In a weekend statement to RFE/RL’s Armenian Service, the Foreign Ministry in Yerevan said “the issue was removed from the agenda of the normalization of interstate relations between the Armenia and Azerbaijan” because of a decree signed by Samvel Shahramanian, the Karabakh president, in September 2023 following an Azerbaijani military offensive that restored Baku’s control of the region.
The decree liquidated the self-proclaimed Nagorno-Karabakh Republic. Shahramanian invalidated it in December 2023, saying that he had to sign it in order to enable Karabakh’s endangered population to safely flee to Armenia. He also argued that the decree, apparently demanded by Baku, was unconstitutional in the first place.
Prime Minister Nikol Pashinian’s political allies accused the Karabakh leader of putting Armenia’s national security at serious risk after he declared the decree null and void.
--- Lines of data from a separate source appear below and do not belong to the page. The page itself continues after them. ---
Lemma edge_refines s t : clos_refl_trans sem7 edge s t ->
  forall (T : finType) (att : rel T) (A : {set T}),
    interp s T att A -> exists B, interp t T att B /\ A \subset B.
Proof.
elim=> {s t} [s t [st | st] | s | s u t _ IHsu _ IHut] T att A As.
- by exists A; split; first exact: solid_refines st _ _ _ As.
- exact: dashed_refines st _ _ _ As.
- by exists A.
have [B [Bu AB]] := IHsu T att A As; have [C [Ct BC]] := IHut T att B Bu.
by exists C; split; last exact: subset_trans BC.
Qed.

Lemma solid_path_refines s t : clos_refl_trans sem7 solid s t ->
  forall (T : finType) (att : rel T) (A : {set T}), interp s T att A -> interp t T att A.
Proof.
elim=> {s t} [s t /solid_refines | s | s u t _ IHsu _ IHut] // T att A As.
exact/IHut/IHsu.
Qed.

(** * Deciding the semantics on enumerated frameworks *)

Fixpoint sublists (T : Type) (s : seq T) : seq (seq T) :=
  if s is x :: s' then sublists s' ++ map (cons x) (sublists s') else [:: [::]].

Lemma filter_sublists (T : eqType) (p : pred T) s : filter p s \in sublists s.
Proof.
elim: s => //= x s IH; rewrite mem_cat; case: (p x); last by rewrite IH.
by rewrite map_f ?orbT.
Qed.

Section Decide.
Variables (T : finType) (att : rel T) (e : seq T).
Hypothesis e_full : forall x, x \in e.
Implicit Types (l m u : seq T) (X : {set T}).

Local Notation subs := (sublists e).

(* Sets of a framework enumerated by [e] are represented by lists; [canon X] is the
   canonical representative of X.  The [_seq] functions compute the corresponding
   set-level notions by [vm_compute], which cannot evaluate finite sets directly. *)
Definition canon X := [seq x <- e | x \in X].

Lemma canon_sublists X : canon X \in subs.
Proof. exact: filter_sublists. Qed.

Lemma canonK X : [set x in canon X] = X.
Proof. by apply/setP => x; rewrite inE mem_filter e_full andbT. Qed.

Lemma forall_setsE (P : pred {set T}) : [forall X, P X] = all (fun l => P [set x in l]) subs.
Proof.
apply/forallP/allP => [PX l _ | Pl X]; first exact: PX.
by rewrite -(canonK X); apply: Pl; apply: canon_sublists.
Qed.

Lemma exists_setsE (P : pred {set T}) : [exists X, P X] = has (fun l => P [set x in l]) subs.
Proof. by apply/negb_inj; rewrite negb_exists forall_setsE -all_predC. Qed.
Lemma ge1_le_least_exp k u : 1 ⊑ u -> u ⊑ g ^+ k -> exists j, u = g ^+ j.
Proof.
elim: k u => [|k IH] u h1u.
  by rewrite expr0 => hu1; exists 0%N; rewrite expr0; apply: idem_le_anti.
move=> hugk; have [ug | gu] := unit_le_total (ge1_neq0 h1u) least_neq0.
  by have [-> | ->] := between_1_least h1u ug; [exists 0%N | exists 1%N].
have [gi [ggi gig]] := divD least_neq0.
have [j hj] : exists j, gi * u = g ^+ j.
  apply: IH; first by rewrite -gig; apply: idem_le_mul2l.
  by move: (idem_le_mul2l gi hugk); rewrite exprS mulrA gig mul1r.
by exists j.+1; rewrite exprS -hj mulrA ggi mul1r.
Qed.

Lemma least_exp_unbounded n : exists M, t n ⊑ g ^+ M.
Proof.
have [[g1 g_neq1 _] _] := g_least.
have [m [n' [m_gt0 hgm]]] := unit_exp_zmax least_neq0.
have n'_gt0 : 0 < n'.
  rewrite ltNge; apply/negP => /((unit_cmp1 m_gt0 hgm).2) g_le1.
  by move: g_neq1; rewrite (idem_le_anti g_le1 g1) eqxx.
by exists (m * `|n|)%N; rewrite exprM hgm phiSX; apply/phiS_le; nia.
Qed.

Lemma least_generates u : u != 0 -> exists (k : nat) (n : int), u = g ^+ k * t n.
Proof.
move=> u_neq0; have [N [hNu huN]] := unit_bounded u_neq0.
pose v := u * t N%:Z.
have h1v : 1 ⊑ v by have := idem_le_mul2r (t N%:Z) hNu; rewrite phiSM addNr phiS0.
have [M hM] := least_exp_unbounded (N%:Z + N%:Z).
have [j hj] : exists j, v = g ^+ j.
  apply: (ge1_le_least_exp (k := M)) h1v _; apply: idem_le_trans hM.
  by have := idem_le_mul2r (t N%:Z) huN; rewrite phiSM.
by exists j, (- N%:Z); rewrite -hj -mulrA phiSM subrr phiS0 mulr1.
Qed.

End LeastGenerator.

End ZmaxDivisionSemialgebra.

Theorem mainTheorem17 (D : pzSemiRingType) (phi : zmax -> D) :
  division_semiring D ->
  zmax_central_embedding phi ->
  finite_unit_index phi ->
  unit_quotient_cyclic phi.
Proof.
move=> divD phi_emb fin_index.
have [g g_least] := exists_least_in_oc_1_t phi_emb divD fin_index.
exists g; first exact: (least_neq0 phi_emb g_least).
exact: (least_generates phi_emb divD fin_index g_least).
Qed.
Pashinian has since repeatedly indicated that the Karabakh issue is closed for his administration.
In its statement, the Foreign Ministry also claimed that Karabakh’s leadership refused to hold talks with Azerbaijani officials “in third countries” three months before the Azerbaijani offensive.
The talks organized by Western mediators were reportedly due to take place in Bulgaria’s capital Sofia in July 2023. Karabakh representatives said at the time that they were rescheduled for August 2023 but then cancelled by the Azerbaijani side. Pashinian publicly recognized Azerbaijani sovereignty over Karabakh earlier in 2023.
The Foreign Ministry claims reflecting Pashinian’s and his associates’ Karabakh-related rhetoric were strongly condemned by Armenia’s main opposition groups. Their leaders accused the ministry of distorting facts in a bid to absolve Pashinian of blame for the fall of Karabakh.
“Even [Azerbaijani President Ilham] Aliyev, in his remarks on the occupation of Artsakh and the final closure of the Artsakh issue, does not refer to the illegal document on the dissolution of Artsakh’s state bodies,” Ishkhan Saghatelian of the Armenian Revolutionary Federation (Dashnaktsutyun) said in a Facebook post on Monday. “Therefore, the efforts of Aliyev's Armenian advocates are pathetic and futile.”
“The authorities do not manage to erase the traces of their own crimes even by distorting history and resorting to blatant falsifications,” Tigran Abrahamian, a senior lawmaker from the opposition Pativ Unem bloc, wrote for his part.
Edmon Marukian, another opposition leader who served as ambassador-at-large until March 2024, likewise called the Foreign Ministry statement a “disgrace.”
The ministry statement commented on Aliyev’s claim that up until January 2024 Yerevan sought to include “the fate of the so-called Nagorno-Karabakh Republic” into a draft peace treaty discussed with Baku. He said that was the main sticking point in Armenian-Azerbaijani peace talks.
The text of the treaty, essentially finalized by the two sides on March 13, is understood to make no reference to Karabakh or its displaced population’s right to safely return home. Nevertheless, Aliyev has set a number of preconditions for its signing.